Just as clear as the incompatibility of Christianity with social inequality is its incompatibility with business competition.

Competition for a livelihood, competition for bread and butter, is the denial of brotherhood. It is the antithesis of the Golden Rule. It is not the doing unto other men as we would that they should do to us. It is obedience to David Harum's parody of the Golden Rule, "Do unto the other fellow as he wants to do to you, and do it fust." The essential condition of competition is that always there shall be at least two men after the one contract, two men after the one job, two men after the custom, the patronage, the clientèle only sufficient for one. As a consequence, wherever competition exists, the success of one man always involves the failure of another. The man who gets the position knows that another man is suffering. The merchant who captures the trade knows that another must fail. The rule for success, as given by a highly successful business man of America, was, "So conduct your business that your competitor will have to shut up shop." The method is essentially disorderly and wasteful. Worse than that, it is inhuman.

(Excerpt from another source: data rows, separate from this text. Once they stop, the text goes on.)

(* Let $X,Y,Z$ be random variables on finite alphabets $\mathcal{X},\mathcal{Y},\mathcal{Z}$, and define the redundant information $\operatorname{Red}(X,Y\to Z)=I(X;Z)-\operatorname{Un}(X\to Z\mid Y)$ with $\operatorname{Un}$ as below. Then $\operatorname{Red}(X,Y\to Z)\ge 0$.
   Context: For each $y\in\mathcal{Y}$ with $\Pr(Y=y)>0$, let $(A_y,B_y,C_y)$ be the random triple on $\mathcal{X}\times\mathcal{Y}\times\mathcal{Z}$ with $\Pr(A_y=x,B_y=y',C_y=z)=0$ if $\Pr(Z=z)=0$ and $\Pr(A_y=x,B_y=y',C_y=z)=\Pr(X=x,Y=y',Z=z)\Pr(Z=z\mid Y=y)/\Pr(Z=z)$ otherwise. The unique information is $\operatorname{Un}(X\to Z\mid Y)=\sum_{y:\Pr(Y=y)>0}\Pr(Y=y)\,I(A_y;C_y)$, where $I$ is mutual information. *)

From mathcomp Require Import all_boot all_order all_algebra.
From mathcomp Require Import reals exp.
Set Implicit Arguments. Unset Strict Implicit. Unset Printing Implicit Defensive.
Import Order.TTheory GRing.Theory Num.Theory.
Local Open Scope ring_scope.

Section InfoDefs.
Variable R : realType.

Definition is_pmf (T : finType) (p : T -> R) : Prop :=
  (forall t, 0 <= p t) /\ \sum_(t : T) p t = 1.

Definition mutual_info (U V : finType) (q : U * V -> R) : R :=
  \sum_(a : U) \sum_(c : V)
    (if q (a, c) == 0 then 0
     else q (a, c) * ln (q (a, c) /
            ((\sum_(c' : V) q (a, c')) * (\sum_(a' : U) q (a', c))))).

Variables (X Y Z : finType).
Variable P : X * Y * Z -> R.

Definition PY (y : Y) : R := \sum_(x : X) \sum_(z : Z) P (x, y, z).
Definition PZ (z : Z) : R := \sum_(x : X) \sum_(y : Y) P (x, y, z).
Definition PYZ (y : Y) (z : Z) : R := \sum_(x : X) P (x, y, z).
Definition PXZ (x : X) (z : Z) : R := \sum_(y : Y) P (x, y, z).

(* Pr(Z = z | Y = y), used only when Pr(Y = y) > 0. *)
Definition condZY (z : Z) (y : Y) : R := PYZ y z / PY y.

(* Joint pmf of the triple (A_y, B_y, C_y). *)
Definition triple_y (y : Y) (t : X * Y * Z) : R :=
  let: (x, y', z) := t in
  if PZ z == 0 then 0 else P (x, y', z) * condZY z y / PZ z.

Definition pairAC_y (y : Y) (u : X * Z) : R :=
  \sum_(y' : Y) triple_y y (u.1, y', u.2).

Definition Un : R := \sum_(y : Y | 0 < PY y) PY y * mutual_info (pairAC_y y).

Definition IXZ : R := mutual_info (fun u : X * Z => PXZ u.1 u.2).

Definition Red : R := IXZ - Un.

End InfoDefs.

(* For each y, the pair (A_y, C_y) has law p(x | z) p(z | y): C_y is distributed
   as Z given Y = y and A_y is obtained from it through the channel p(x | z).
   By Gibbs' inequality, I(A_y; C_y) is at most the relative entropy of this law
   to p_X times the law of C_y, which is the expectation of
   ln (p(x, z) / (p(x) p(z))) under it. Averaging over y turns the law of
   (A_y, C_y) into p(x, z), and the bound into I(X; Z); hence Un <= I(X; Z). *)

From mathcomp Require Import all_boot all_order all_algebra.
From mathcomp Require Import reals exp.
From mathcomp Require Import ring.
Set Implicit Arguments. Unset Strict Implicit. Unset Printing Implicit Defensive.
Import Order.TTheory GRing.Theory Num.Theory.
Local Open Scope ring_scope.

Section MutualInfo.
Variable R : realType.

Lemma ln_le_subr1 (t : R) : 0 < t -> ln t <= t - 1.
Proof. by move=> t_gt0; rewrite -[t in ln t](subrK 1) addrC le_ln1Dx // ltrBrDl subrr. Qed.

Lemma ler_sum_term (I : finType) (F : I -> R) i :
  (forall j, 0 <= F j) -> F i <= \sum_j F j.
Proof. by move=> F_ge0; rewrite (bigD1 i) //= lerDl sumr_ge0. Qed.

Variables (U V : finType) (q : U * V -> R).

Lemma mutual_infoE : mutual_info q =
  \sum_a \sum_c q (a, c) *
    ln (q (a, c) / ((\sum_c' q (a, c')) * (\sum_a' q (a', c)))).
Proof.
by apply: eq_bigr => a _; apply: eq_bigr => c _; case: eqP => [->|]; rewrite ?mul0r.
Qed.

Hypothesis q_ge0 : forall u, 0 <= q u.

(* The variational bound I(A;C) <= D(q || r x q_C), by Gibbs' inequality. *)
Lemma mutual_info_le_reference (r : U -> R) :
  (forall a, 0 <= r a) -> \sum_a r a <= \sum_a \sum_c q (a, c) ->
  (forall a c, 0 < q (a, c) -> 0 < r a) ->
  mutual_info q <= \sum_a \sum_c q (a, c) * ln (q (a, c) / (r a * \sum_a' q (a', c))).
Proof.
move=> r_ge0 sum_r r_gt0.
set qA := fun a => \sum_c q (a, c); set qC := fun c => \sum_a q (a, c).
have pointwise a c : q (a, c) * ln (q (a, c) / (qA a * qC c)) <=
    q (a, c) * ln (q (a, c) / (r a * qC c)) + q (a, c) * (r a / qA a - 1).
  have [->|q_neq0] := eqVneq (q (a, c)) 0; first by rewrite !mul0r addr0.
  have q_gt0 : 0 < q (a, c) by rewrite lt_def q_neq0 q_ge0.
  have qA_gt0 : 0 < qA a.
    by apply: lt_le_trans q_gt0 (ler_sum_term (F := fun c => q (a, c)) _ _).
  have qC_gt0 : 0 < qC c.
    by apply: lt_le_trans q_gt0 (ler_sum_term (F := fun a => q (a, c)) _ _).
  have ra_gt0 := r_gt0 _ _ q_gt0.
  have -> : q (a, c) / (qA a * qC c) = q (a, c) / (r a * qC c) * (r a / qA a).
    by field; rewrite !gt_eqF.
  rewrite lnM ?posrE ?divr_gt0 ?mulr_gt0 // mulrDr lerD2l.
  by rewrite ler_wpM2l ?q_ge0 ?ln_le_subr1 ?divr_gt0.
have deficit a : \sum_c q (a, c) * (r a / qA a - 1) <= r a - qA a.
  rewrite -mulr_suml -/(qA a).
  have [->|qA_neq0] := eqVneq (qA a) 0; first by rewrite mul0r subr0.
  by rewrite mulrBr mulr1 mulrC divfK.
rewrite mutual_infoE.
apply: le_trans (ler_sum _ (fun a _ => ler_sum _ (fun c _ => pointwise a c))) _.
under eq_bigr do rewrite big_split /=.
rewrite big_split /= -[X in _ <= X]addr0 lerD2l.
apply: le_trans (ler_sum _ (fun a _ => deficit a)) _.
by rewrite sumrB subr_le0.
Qed.

End MutualInfo.

Section UniqueInfo.
Variables (R : realType) (X Y Z : finType) (P : X * Y * Z -> R).
Hypothesis P_ge0 : forall t, 0 <= P t.

Definition PX (x : X) : R := \sum_z PXZ P x z.

Lemma PXZ_ge0 x z : 0 <= PXZ P x z.
Proof. exact: sumr_ge0. Qed.

Lemma PYZ_ge0 y z : 0 <= PYZ P y z.
Proof. exact: sumr_ge0. Qed.

Lemma PY_ge0 y : 0 <= PY P y.
Proof. by apply: sumr_ge0 => x _; apply: sumr_ge0. Qed.

Lemma PZ_ge0 z : 0 <= PZ P z.
Proof. by apply: sumr_ge0 => x _; apply: PXZ_ge0. Qed.

Lemma PX_ge0 x : 0 <= PX x.
Proof. by apply: sumr_ge0 => z _; apply: PXZ_ge0. Qed.

Lemma PY_sumPYZ y : PY P y = \sum_z PYZ P y z.
Proof. exact: exchange_big. Qed.

Lemma PZ_sumPYZ z : PZ P z = \sum_y PYZ P y z.
Proof. exact: exchange_big. Qed.

Lemma PZ_eq0_PXZ x z : PZ P z = 0 -> PXZ P x z = 0.
Proof. by move/psumr_eq0P; apply=> // x' _; apply: PXZ_ge0. Qed.

Lemma PZ_eq0_PYZ y z : PZ P z = 0 -> PYZ P y z = 0.
Proof. by rewrite PZ_sumPYZ => /psumr_eq0P; apply=> // y' _; apply: PYZ_ge0. Qed.

Lemma PY_eq0_PYZ y z : PY P y = 0 -> PYZ P y z = 0.
Proof. by rewrite PY_sumPYZ => /psumr_eq0P; apply=> // z' _; apply: PYZ_ge0. Qed.

Lemma sum_condZY y : 0 < PY P y -> \sum_z condZY P z y = 1.
Proof. by move=> PY_gt0; rewrite -mulr_suml -PY_sumPYZ divff // gt_eqF. Qed.

Lemma pairAC_yE y x z : pairAC_y P y (x, z) = PXZ P x z * condZY P z y / PZ P z.
Proof.
rewrite /pairAC_y /triple_y /=; case: eqP => [->|_]; last by rewrite -!mulr_suml.
by rewrite big1 ?invr0 ?mulr0.
Qed.

Lemma pairAC_y_ge0 y u : 0 <= pairAC_y P y u.
Proof.
by case: u => x z; rewrite pairAC_yE !mulr_ge0 ?invr_ge0 ?PXZ_ge0 ?PYZ_ge0 ?PY_ge0 ?PZ_ge0.
Qed.

Lemma sum_pairAC_y y z : \sum_x pairAC_y P y (x, z) = condZY P z y.
Proof.
under eq_bigr do rewrite pairAC_yE.
rewrite -!mulr_suml; have [PZ0|PZ_neq0] := eqVneq (PZ P z) 0.
  by rewrite /condZY PZ_eq0_PYZ // !(mul0r, mulr0).
by rewrite mulrAC divff // mul1r.
Qed.

Lemma pairAC_y_lnE y x z :
  pairAC_y P y (x, z) * ln (pairAC_y P y (x, z) / (PX x * condZY P z y)) =
  pairAC_y P y (x, z) * ln (PXZ P x z / (PX x * PZ P z)).
Proof.
have [->|] := eqVneq (pairAC_y P y (x, z)) 0; first by rewrite !mul0r.
rewrite pairAC_yE; move: (condZY P z y) => c.
rewrite !mulf_eq0 !negb_or invr_eq0 => /andP[/andP[_ c_neq0] PZ_neq0].
congr (_ * ln _); rewrite mulrAC [PX x * c]mulrC invfM mulrA mulfK //.
by rewrite -mulrA -invfM mulrC.
Qed.

(* pairAC_y y (x, z) = p(x | z) p(z | y), and averaging p(z | y) over y gives p(z). *)
Lemma mix_pairAC_y x z :
  \sum_(y | 0 < PY P y) PY P y * pairAC_y P y (x, z) = PXZ P x z.
Proof.
have [PZ0|PZ_neq0] := eqVneq (PZ P z) 0.
  by rewrite PZ_eq0_PXZ // big1 // => y _; rewrite pairAC_yE PZ0 invr0 !mulr0.
have term y : 0 < PY P y ->
    PY P y * pairAC_y P y (x, z) = PYZ P y z * (PXZ P x z / PZ P z).
  by move=> PY_gt0; rewrite pairAC_yE /condZY; field; rewrite PZ_neq0 gt_eqF.
rewrite (eq_bigr _ term) -mulr_suml.
have -> : \sum_(y | 0 < PY P y) PYZ P y z = PZ P z.
  rewrite PZ_sumPYZ big_mkcond /=; apply: eq_bigr => y _.
  case: ifP => // /negbT; rewrite -leNgt => PY_le0.
  by apply/esym/PY_eq0_PYZ/le_anti; rewrite PY_le0 PY_ge0.
by rewrite mulrC divfK.
Qed.

Lemma sum_PX : \sum_x PX x = \sum_t P t.
Proof.
under eq_bigr do rewrite /PX /PXZ exchange_big.
by rewrite pair_big pair_big /=; apply: eq_bigr => -[[x y] z].
Qed.

Hypothesis P_sum_le1 : \sum_t P t <= 1.

Lemma mutual_info_pairAC_y_le y : 0 < PY P y ->
  mutual_info (pairAC_y P y) <=
  \sum_x \sum_z pairAC_y P y (x, z) * ln (PXZ P x z / (PX x * PZ P z)).
Proof.
move=> PY_gt0; apply: le_trans (mutual_info_le_reference (pairAC_y_ge0 y) PX_ge0 _ _) _.
- rewrite sum_PX exchange_big /=; apply: le_trans P_sum_le1 _.
  by under eq_bigr do rewrite sum_pairAC_y; rewrite sum_condZY.
- move=> x z; rewrite lt0r pairAC_yE !mulf_eq0 !negb_or => /andP[/andP[/andP[PXZ_neq0 _] _] _].
  have PXZ_gt0 : 0 < PXZ P x z by rewrite lt0r PXZ_neq0 PXZ_ge0.
  exact: lt_le_trans PXZ_gt0 (ler_sum_term (F := PXZ P x) z (PXZ_ge0 x)).
by under eq_bigr => x _ do under eq_bigr => z _ do
  rewrite sum_pairAC_y pairAC_y_lnE.
Qed.

Lemma Un_le_IXZ : Un P <= IXZ P.
Proof.
apply: le_trans (ler_sum _ (fun y PY_gt0 =>
  ler_wpM2l (PY_ge0 y) (mutual_info_pairAC_y_le PY_gt0))) _.
rewrite /IXZ mutual_infoE.
under eq_bigr do rewrite mulr_sumr.
rewrite exchange_big /=; apply: ler_sum => x _.
under eq_bigr do rewrite mulr_sumr.
rewrite exchange_big /=; apply: ler_sum => z _.
by under eq_bigr do rewrite mulrA; rewrite -mulr_suml mix_pairAC_y.
Qed.

End UniqueInfo.

Theorem corollary3 (R : realType) (X Y Z : finType) (P : X * Y * Z -> R) :
  is_pmf P -> 0 <= Red P.
Proof. by move=> [P_ge0 P_sum1]; rewrite subr_ge0 Un_le_IXZ // P_sum1. Qed.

It is difficult, indeed, to imagine how a more inhuman method of business could be devised short of methods which no man who had not ceased to be human would tolerate. Inhuman and dehumanizing. How deeply dehumanizing is seen in the effort of Christian men to justify it--the supreme illustration in our day of the morally blinding power of the accustomed, the familiar, and, above all, the profitable, which has made Christian men defenders of competition, of war, of the drink traffic, of the opium traffic, and of slavery.

Business competition to-day is, conceivably, as great an evil as ever intemperance was. Its working is more subtle, more wide-spread, more deeply destructive.

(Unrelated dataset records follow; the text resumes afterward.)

Lemma mgen_monomial_with (P : quat R -> quat R -> Prop) S :
  P (q1 R) (q1 R) ->
  (forall x y x' y', P x y -> P x' y' -> P (qmul x x') (qmul y y')) ->
  (forall x y x' y', P x y -> P x' y' -> P (qmul x y') (qmul y x')) ->
  (forall x y, P x y -> P (qconj x) (qconj y)) ->
  (forall x y, P x y -> P (qconj y) (qconj x)) ->
  (forall M, S M -> monomial_with P M) -> forall M, mgen S M -> monomial_with P M.
Proof.
move=> P11 Pdiag Pcross Pconj Pswap SP; apply: gen_closed => //.
- by exists (q1 R), (q1 R); split; [|left].
- move=> _ _ [x [y [Pxy [->|->]]]] [x' [y' [Pxy' [->|->]]]].
  + by rewrite diagm_mul; do 2!eexists; split; [exact: Pdiag Pxy Pxy'|left].
  + by rewrite diagm_antim_mul; do 2!eexists; split; [exact: Pdiag Pxy Pxy'|right].
  + by rewrite antim_diagm_mul; do 2!eexists; split; [exact: Pcross Pxy Pxy'|right].
  + by rewrite antim_mul; do 2!eexists; split; [exact: Pcross Pxy Pxy'|left].
- move=> _ [x [y [Pxy [->|->]]]].
  + by rewrite mstar_diagm; do 2!eexists; split; [exact: Pconj Pxy|left].
  + by rewrite mstar_antim; do 2!eexists; split; [exact: Pswap Pxy|right].
Qed.

Lemma Mb_mul x y : mmul (Mb x) (Mb y) = diagm (qmul x (qinv y)) (qmul (qinv x) y).
Proof. exact: antim_mul. Qed.

Lemma Mb1_conj h : mmul (mmul (Mb (q1 R)) (diagm h (q1 R))) (Mb (q1 R)) = diagm (q1 R) h.
Proof. by rewrite /Mb qinv1 antim_diagm_mul antim_mul !qmulq1 !qmul1q. Qed.

Lemma mgen_diagmM S x y : mgen S (diagm x (q1 R)) -> mgen S (diagm y (q1 R)) ->
  mgen S (diagm (qmul x y) (q1 R)).
Proof. by move=> Sx Sy; rewrite -[q1 R]qmulq1 -diagm_mul; apply: gen_mul. Qed.

Lemma mgen_diagmV S x : unitq x -> mgen S (diagm x (q1 R)) ->
  mgen S (diagm (qinv x) (q1 R)).
Proof.
move=> ux Sx; have -> : diagm (qinv x) (q1 R) = mstar (diagm x (q1 R)).
  by rewrite mstar_diagm qconj1 qinvE.
exact: gen_inv.
Qed.

Lemma GKLH_Mb (K L H : quat R -> Prop) b : L b -> GKLH K L H (Mb b).
Proof. by move=> Lb; apply: gen_in; right; exists b. Qed.

Lemma GKLH_diagm (K L H : quat R -> Prop) h : H h -> GKLH K L H (diagm h (q1 R)).
Proof. by move=> Hh; apply: gen_in; left; exists h; split; [|left]. Qed.

Lemma GKLH_sub (K L H K' L' H' : quat R -> Prop) :
  L' (q1 R) -> (forall b, L b -> L' b) ->
  (forall h, H h -> GKLH K' L' H' (diagm h (q1 R))) ->
  forall M, GKLH K L H M -> GKLH K' L' H' M.
Proof.
move=> L'1 LL' HG; apply: gen_mono => _ [[h [Hh [->|->]]]|[b [Lb ->]]].
- exact: HG.
- by rewrite -Mb1_conj; apply: gen_mul; [apply: gen_mul|]; [apply: GKLH_Mb|apply: HG|apply: GKLH_Mb].
- exact/GKLH_Mb/LL'.
Qed.

End MonomialMatrices.

Section CommutatorSubgroup.
Variables (R : realType) (K : quat R -> Prop).
Hypotheses (K1 : K (q1 R)) (KM : forall x y, K x -> K y -> K (qmul x y))
  (KV : forall x, K x -> K (qinv x)) (K_unit : forall x, K x -> unitq x).
Implicit Types x y : quat R.
Local Notation C := (commK K).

It hardens men. It dries up their natural and almost inextinguishable kindliness. It demoralizes them. It almost compels them to resort to crooked methods. It subjects them to temptations sometimes virtually irresistible. It presents them with the alternatives of failure and starvation for themselves and their loved ones or the doing of something, not right indeed, but which plenty of others do and which seems imperative. The honorable man has to compete with the dishonorable. The Hydrostatic Paradox of controversy, the Autocrat of the Breakfast Table has told us, lies in this, that as water in two connected tubes, however different their calibre, stands at the same level in both, so if a wise man and a fool engage in controversy, they tend to equality. The more demoralizing Hydrostatic Paradox of business competition is its deadly tendency to bring the honorable man down to the level of the dishonorable.

It is not always demoralizing. There are men strong enough to maintain their integrity, even sometimes at great risk. But the strain of it, the feverishness of it, the narrowing influences of it, still fewer men escape.

Under the shade and fallen needles of the pine forest, no other vegetation can grow. Under the absorption, the exhaustion, of the fierce business competition of America, little else than business shrewdness, business insight, business knowledge can grow. A thousand seeds of culture, art, music, philanthrophy, religion, human fellowship, home happiness die permanently or fail to germinate at all in the American business man. The struggle, like a remorseless machine, seizes him as a young man and works its way with him till it flings him off at the other end of the process, a failure with a dreary old age of dependence and uncertainty, or a successful man broken in health at fifty, to spend the rest of his days in search of health, or with the leisure and the means to develop the old tastes but the tastes themselves atrophied by long and enforced neglect.

In the name of the brotherhood of Christianity, in the name of the richness and variety of the human soul, the Church must declare a truceless war upon this sterilizing and dehumanizing competition and upon the source of it, an economic order based on profit-seeking.

With profits not merely as an inducement but as the absolutely essential condition, the sine qua non not merely of success but of a livelihood, competition, even desperate competition, is inevitable. There is not usually the direct personal clash, the bloody or deadly combat, though these may be, but it is a life and death struggle none the less. In business competition, men are fighting with halters around their necks. They are fighting as wolves fight who know that the beaten one will be devoured by the pack.

How unfair and how futile under such conditions to heap reproaches upon the men who make what are called excessive profits! The risks are great. Should not a man make provision for them when he can? When, too, a man is immersed from boyhood in an atmosphere of profit-seeking, when in the talk around the meal-table and the conversation of his father with other men he gathers that profits are the measure of success, when in business he finds the whole energy and ingenuity and influence of men concentrated on profits, and men largely estimated by the amount of their profits, what capacity will be left after twenty years of such a life to distinguish between legitimate and excessive profits?